We are at a strange moment in scholarship, where a powerful new tool (language models) has been handed to people, and existing academic systems are scrambling to figure out how to respond. Even leaving aside the crisis around a potential deluge of AI-generated papers, there are many more conventional questions about what an appropriate use of language models is for domains other than computer science. Especially in the social sciences, my understanding is that established journals are struggling both to recruit qualified reviewers, and to know what appropriate standards should be, in terms of methodological rigor.1
I was recently asked to review a paper for a top social science journal, (which I sometimes say yes to), and working through the details of that paper turned out to be a useful opportunity for me to reflect a bit on current practices for the use of LMs in social science, and how they could be improved. Although reviewing is often rewarding, putting a bunch of time into a review that you know will only be seen by a handful of people always feels like a bit of a shame. As such, I thought I’d try an experiment and post an anonymized excerpt from my review here, both as a way of recording my thoughts in the present moment, and also as a way of publicly raising some questions around the use of LMs for social science.

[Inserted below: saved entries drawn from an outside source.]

Lemma ctr_mul m n p (A : 'M[C]_(m, n)) (B : 'M[C]_(n, p)) :
  ctr (A *m B) = ctr B *m ctr A.
Proof. by rewrite /ctr map_mxM trmx_mul. Qed.

Lemma ctr0 m n : ctr (0 : 'M[C]_(m, n)) = 0.
Proof. by rewrite /ctr map_mx0 trmx0. Qed.

Lemma ctrN m n (A : 'M[C]_(m, n)) : ctr (- A) = - ctr A.
Proof. by rewrite /ctr map_mxN linearN. Qed.

Lemma ctrB m n (A B : 'M[C]_(m, n)) : ctr (A - B) = ctr A - ctr B.
Proof. by rewrite /ctr map_mxB linearB. Qed.

Lemma ctrZ m n a (A : 'M[C]_(m, n)) : ctr (a *: A) = a^* *: ctr A.
Proof. by rewrite /ctr map_mxZ linearZ. Qed.

Lemma ctr_row_mx m n1 n2 (A1 : 'M[C]_(m, n1)) (A2 : 'M[C]_(m, n2)) :
  ctr (row_mx A1 A2) = col_mx (ctr A1) (ctr A2).
Proof. by rewrite /ctr map_row_mx tr_row_mx. Qed.

Lemma ctr_block_mx m1 m2 n1 n2 (Aul : 'M[C]_(m1, n1)) (Aur : 'M[C]_(m1, n2))
    (Adl : 'M[C]_(m2, n1)) (Adr : 'M[C]_(m2, n2)) :
  ctr (block_mx Aul Aur Adl Adr) = block_mx (ctr Aul) (ctr Adl) (ctr Aur) (ctr Adr).
Proof. by rewrite /ctr map_block_mx tr_block_mx. Qed.

Lemma ctr_mxrow l m n (B_ : 'I_l -> 'M[C]_(m, n)) :
  ctr (\mxrow_(k < l) B_ k) = \mxcol_(k < l) ctr (B_ k).
Proof. by apply/matrixP => i j; rewrite !mxE. Qed.

Lemma ctr_mxblock l m n (B_ : 'I_l -> 'I_l -> 'M[C]_(m, n)) :
  ctr (\mxblock_(i < l, k < l) B_ i k) = \mxblock_(i < l, k < l) ctr (B_ k i).
Proof. by apply/matrixP => i j; rewrite !mxE. Qed.

End ConjugateTranspose.

Section Symmetrizer.
Variables (C : numClosedFieldType) (K m : nat) (E A W : 'M[C]_K).
Variables (B : 'M[C]_(K, m)) (L : 'M[C]_(m, K)) (s0 : C).
Variables (q : nat) (V : 'M[C]_(K, q)) (Wn : 'M[C]_q) (j : nat).
Hypotheses (s0_real : s0 \is Num.real) (pencil_unit : (s0 *: E - A) \in unitmx).
Hypotheses (WE_herm : ctr (W *m E) = W *m E) (WA_herm : ctr (W *m A) = W *m A).
Hypothesis WB : W *m B = ctr L.

Local Notation Z := (s0 *: E - A).
Local Notation M := (Mmx E A s0).
Local Notation R := (Rmx E A B s0).

Lemma symmetrized_pencil_herm : ctr (W *m Z) = W *m Z.
Proof. by rewrite mulmxBr -scalemxAr ctrB ctrZ WE_herm WA_herm conj_Creal. Qed.

Lemma ctr_Mmx_symmetrized : ctr M *m (W *m Z) = W *m Z *m M.
Proof.
have WZ_M : W *m Z *m M = W *m E by rewrite /Mmx mulmxA mulmxK.
by rewrite -{1}symmetrized_pencil_herm -ctr_mul WZ_M WE_herm.
Qed.

Lemma ctr_krylov_symmetrized i : ctr (M ^+ i *m R) *m (W *m Z) = L *m M ^+ i.
Proof.
elim: i => [|i IHi].
  by rewrite expr0 mul1mx -symmetrized_pencil_herm -ctr_mul /Rmx mulmxA mulmxK // WB ctrK mulmx1.
rewrite [in LHS]exprS -mulmxE -mulmxA ctr_mul -mulmxA ctr_Mmx_symmetrized mulmxA IHi.
by rewrite exprSr -mulmxE mulmxA.
Qed.

Hypothesis projected_unit : (s0 *: (ctr V *m E *m V) - ctr V *m A *m V) \in unitmx.
Hypothesis WEn : ctr V *m (W *m E) *m V = Wn *m (ctr V *m E *m V).
Hypothesis WAn : ctr V *m (W *m A) *m V = Wn *m (ctr V *m A *m V).
Hypothesis krylov_in_range : forall i, (i < j)%N ->
  exists X : 'M[C]_(q, m), M ^+ i *m R = V *m X.

Local Notation En := (ctr V *m E *m V).
Local Notation Zn := (s0 *: En - ctr V *m A *m V).

Lemma projected_symmetrized_pencil : ctr V *m (W *m Z) *m V = Wn *m Zn.
Proof. by rewrite !mulmxBr !mulmxBl -!scalemxAr -!scalemxAl WEn WAn. Qed.

Lemma moment_step i : (i < j)%N ->
  L *m M ^+ i.+1 *m V = L *m M ^+ i *m V *m Mn E A V s0.
Proof.
move=> /krylov_in_range[X MR_X].
have LMi_invZ : L *m M ^+ i *m invmx Z = ctr X *m ctr V *m W.
  by rewrite -ctr_krylov_symmetrized MR_X ctr_mul !mulmxA mulmxK.
have moment_i : L *m M ^+ i *m V = ctr X *m Wn *m Zn.
  rewrite -[RHS]mulmxA -projected_symmetrized_pencil -(mulmxKV pencil_unit (L *m _)) LMi_invZ.
  by rewrite !mulmxA.
have moment_Si : L *m M ^+ i.+1 *m V = ctr X *m Wn *m En.
  by rewrite -[RHS]mulmxA -WEn exprSr -mulmxE /Mmx !mulmxA LMi_invZ.
by rewrite moment_Si moment_i /Mn [RHS]mulmxA mulmxK.
Qed.

Lemma moment_identity_of_symmetrizer : moment_identity E A L V s0 j.
Proof.
elim=> [|i IHi] lt_ij; first by rewrite !expr0 !mulmx1.
by rewrite moment_step // IHi 1?ltnW // exprSr -mulmxE mulmxA.
Qed.

End Symmetrizer.

Section KrylovSpan.
Variables (C : numClosedFieldType) (K m : nat) (E A : 'M[C]_K) (B : 'M[C]_(K, m)).
Variable s0 : C.

Local Notation defl_step := (defl_step E A B s0).
Local Notation kv := (kv E A B s0).
Local Notation span_upto := (span_upto E A B s0).

Lemma submx_foldl_defl_step k (ls : seq 'I_m) S :
  (S <= foldl (defl_step k) S ls)%MS.
Proof.
elim: ls S => [|l ls IHls] S /=; first exact: submx_refl.
apply: submx_trans (IHls _); rewrite /defl_step.
by case: ifP => _; [exact: submx_refl | exact: addsmxSl].
Qed.

Lemma kv_sub_foldl_defl_step k (ls : seq 'I_m) S l :
  l \in ls -> (kv k l <= foldl (defl_step k) S ls)%MS.
Proof.
elim: ls S => [|l' ls IHls] S //=; rewrite inE => /predU1P[->|/IHls //].
apply: submx_trans (submx_foldl_defl_step _ _ _); rewrite /defl_step.
by case: ifP => // _; exact: addsmxSr.
Qed.

Lemma span_upto_mono : {homo span_upto : k j / (k <= j)%N >-> (k <= j)%MS}.
Proof.
apply: homo_leq => [S|S1 S2 S3|k]; [exact: submx_refl | exact: submx_trans |].
exact: submx_foldl_defl_step.
Qed.

Lemma kv_sub_span_upto k l j : (k < j)%N -> (kv k l <= span_upto j)%MS.
Proof.
move=> /span_upto_mono; apply: submx_trans.
by apply: kv_sub_foldl_defl_step; rewrite mem_enum.
Qed.

Lemma krylov_block_range q (Vt : 'M[C]_(q, K)) j k :
  (krylov_row_space E A B s0 j <= Vt)%MS -> (k < j)%N ->
  exists X : 'M[C]_(q, m), Mmx E A s0 ^+ k *m Rmx E A B s0 = Vt^T *m X.
Proof.
move=> sub_Vt lt_kj.
have /submxP[X MR_X] : ((Mmx E A s0 ^+ k *m Rmx E A B s0)^T <= Vt)%MS.
  apply/row_subP => l; rewrite -tr_col.
  exact: submx_trans (kv_sub_span_upto l lt_kj) sub_Vt.
by exists X^T; rewrite -[LHS]trmxK MR_X trmx_mul.
Qed.

End KrylovSpan.

Section SecondOrder.
Variable C : numClosedFieldType.

Definition sigmx n1 n2 : 'M[C]_(n1 + n2) := block_mx 1%:M 0 0 (- 1%:M).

My full review touched on a number of aspects of the submission, but here I have kept only the part that dealt with methodological questions on the use of LMs. I have edited the text to hopefully make it difficult to know which paper I was reviewing, although it is close enough that the original authors would no doubt recognize me as the original reviewer.2
Finally, I will also note that I myself have previously been guilty of some of the issues that I fault the authors for here! From my perspective, reviewing is a way both to help authors improve their work, and to think through how one’s own work could be better. Although there is a certain unfairness in this, standards differ across journals, norms are constantly evolving, and we should all collectively strive to do better. I’m hoping that by sharing part of this review more widely, I can do a small amount to help shift things in that direction.
Here is the edited excerpt:
…
In terms of methodology, this paper does many things well. The authors ground their measures in theoretically motivated constructs. They collect an extensive set of annotations, including multiple annotations per example, and make use of a reasonable division into training and evaluation data. They evaluate a variety of language models against reasonable supervised baselines, and provide some sense of how model predictions differ from patterns in human annotations. They also make attempts to validate the models, first by comparing predictions to human annotations, and second by comparing aggregated predictions from multiple models against each other. In terms of documentation, the authors include the prompts they used, along with some hyperparameter values. Finally, they also contextualize and interpret their findings in light of relevant knowledge about the topic under investigation.
On the one hand, this paper is definitely a contribution to evaluating the ability of LMs to perform text classification on nuanced or novel categories without fine-tuning, and how to get the best performance on such tasks. This is especially the case because the authors focus on a set of categories that have not been widely studied in NLP, compared to more familiar tasks like sentiment analysis. At the same time, there is still considerable room for improvement, as well as some issues that may be hard to resolve. Since the authors mention prioritizing validation, I think it is worth identifying areas where this could be done better.
I will break this down into several factors. First is the stage of data annotation. Although the authors include some details (e.g., measures of agreement, etc.), they don’t provide much detail as to how they addressed issues of validity at the annotation stage. In particular, how did the authors ensure that the annotators were correctly applying the existing codebook? If the authors did not make use of expert annotators in this work, how did they ensure that annotators correctly understood the typology? As a minor point, it would also further strengthen claims to validity if the authors would commit to releasing the full set of data annotations (ideally with some basic pseudonymized annotator information included).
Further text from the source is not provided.